General characteristics
- Type: Spiegelretourschip
- Tons burthen: 1150 tons
- Length: 45.73 m (150 ft 0 in)
- Sail plan: Full-rigged ship

= Candia (ship) =

Candia was a ship of the Dutch East India Company (Dutch: Vereenigde Oost-Indische Compagnie; VOC) which only once traveled for Asia in 1790 and never returned to the Netherlands.

==Construction==
Candia was an East Indiaman ship built for the Chamber of Rotterdam of the Dutch East India Company in 1788 in the Rotterdam shipyards, as a 1150-ton ship with a length of 45.73 m.

==History==
On 26 October 1790 the Candia left Europe from the island of Goeree for its travel to Batavia under the command of captain Dirk Dirksz Varkevisser (1758-1805), who previously had command over the VOC ship Middelwijk in 1786 and 1787. The ship left with 186 people on board. It arrived for a stop at Cape Town on 13 February 1791, disembarking 20 persons. On the passage to Cape Town 3 persons had perished.
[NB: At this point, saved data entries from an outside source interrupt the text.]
Theorem theorem7 (R : realType) (dT dY dY' : measure_display)
  (T : measurableType dT) (Y : measurableType dY) (Y' : measurableType dY')
  (muT : {sigma_finite_measure set T -> \bar R})
  (muY : {sigma_finite_measure set Y -> \bar R})
  (muY' : {sigma_finite_measure set Y' -> \bar R})
  (prior : T -> R) (obs : T -> Y -> R)
  (t : Y -> Y') (obs' : T -> Y' -> R)
  (f' : T -> Y' -> R) (phi' : T -> Y' -> R) :
  is_model muT muY prior obs ->
  measurable_fun setT t ->
  (* pi'_obs(y'|th) = int_{t^-1(y')} pi_obs(y|th) dy, i.e. obs'(.|th) is the
     density of the pushforward of pi_obs(.|th) dy under t *)
  (forall th y', 0 <= obs' th y') ->
  measurable_fun setT (fun z : T * Y' => obs' z.1 z.2) ->
  (forall th (B : set Y'), measurable B ->
     (\int[muY']_(y' in B) (obs' th y')%:E
        = \int[muY]_(y in t @^-1` B) (obs th y)%:E)%E) ->
  is_test_quantity f' ->
  is_posterior_family muT phi' ->
  passes_SBC muT muY' prior obs' phi' f' ->
  passes_SBC muT muY prior obs (fun th y => phi' th (t y)) (fun th y => f' th (t y)).
Proof.
move=> model mt obs'_ge0 mobs' obs'_push mf' [phi'_ge0 mphi' _] sbc' x x01.
have model' : is_model muT muY' prior obs'.
  case: model => prior_density [_ _ obs1]; split => //; split => // th.
  by rewrite obs'_push // preimage_setT obs1.
pose r' th y' := rfun muT phi' f' x th y'.
have r'01 th y' : (0 <= r' th y' <= 1)%E by rewrite measure_ge0 lebesgue_rank_le1.
have mr' : measurable_fun setT (fun z : T * Y' => r' z.1 z.2).
  exact: measurable_rfun.
have mtt : measurable_fun setT (fun z : T * Y => (z.1, t z.2)).
  exact: measurable_fun_pair measurable_fst (measurableT_comp mt measurable_snd).
have mr := measurableT_comp mr' mtt.
rewrite -(sbc' x x01) /qfun (integral_post_marg _ _ _ _ model' _ r'01 mr').
(* by conversion, the rank probability of the composed family at y is r' at t y *)
transitivity (\int[muT]_th ((prior th)%:E * \int[muY]_y ((obs th y)%:E * r' th (t y))))%E.
  exact: (integral_post_marg _ _ _ _ model (fun th y => r' th (t y)) (fun th y => r'01 th (t y)) mr).
apply: eq_integral => th _; congr (_ * _)%E; case: model => _ [obs_ge0 mobs _].
apply: ge0_integral_pushforward_density => //.
- exact: measurable_fun_pair2 th mobs.
- exact: measurable_fun_pair2 th mobs'.
- exact: obs'_push.
- exact: measurable_fun_pair2 th mr'.
Qed.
Departing on 23 March 1791, it finally arrived in Batavia on 15 June 1791, where it was sold in 1796 and broken up.

==Visible remainder==
The Dutch maritime painter Gerrit Groenewegen (1754-1826) created a depiction of the Candia in 1789, while still in Dutch waters near Rotterdam, giving a good impression of the appearance of the Dutch Spiegelretourschip in those days.

==Citations==
- Bruijn, Jaap R. (2011). "Commanders of Dutch East India ships in the eighteenth century"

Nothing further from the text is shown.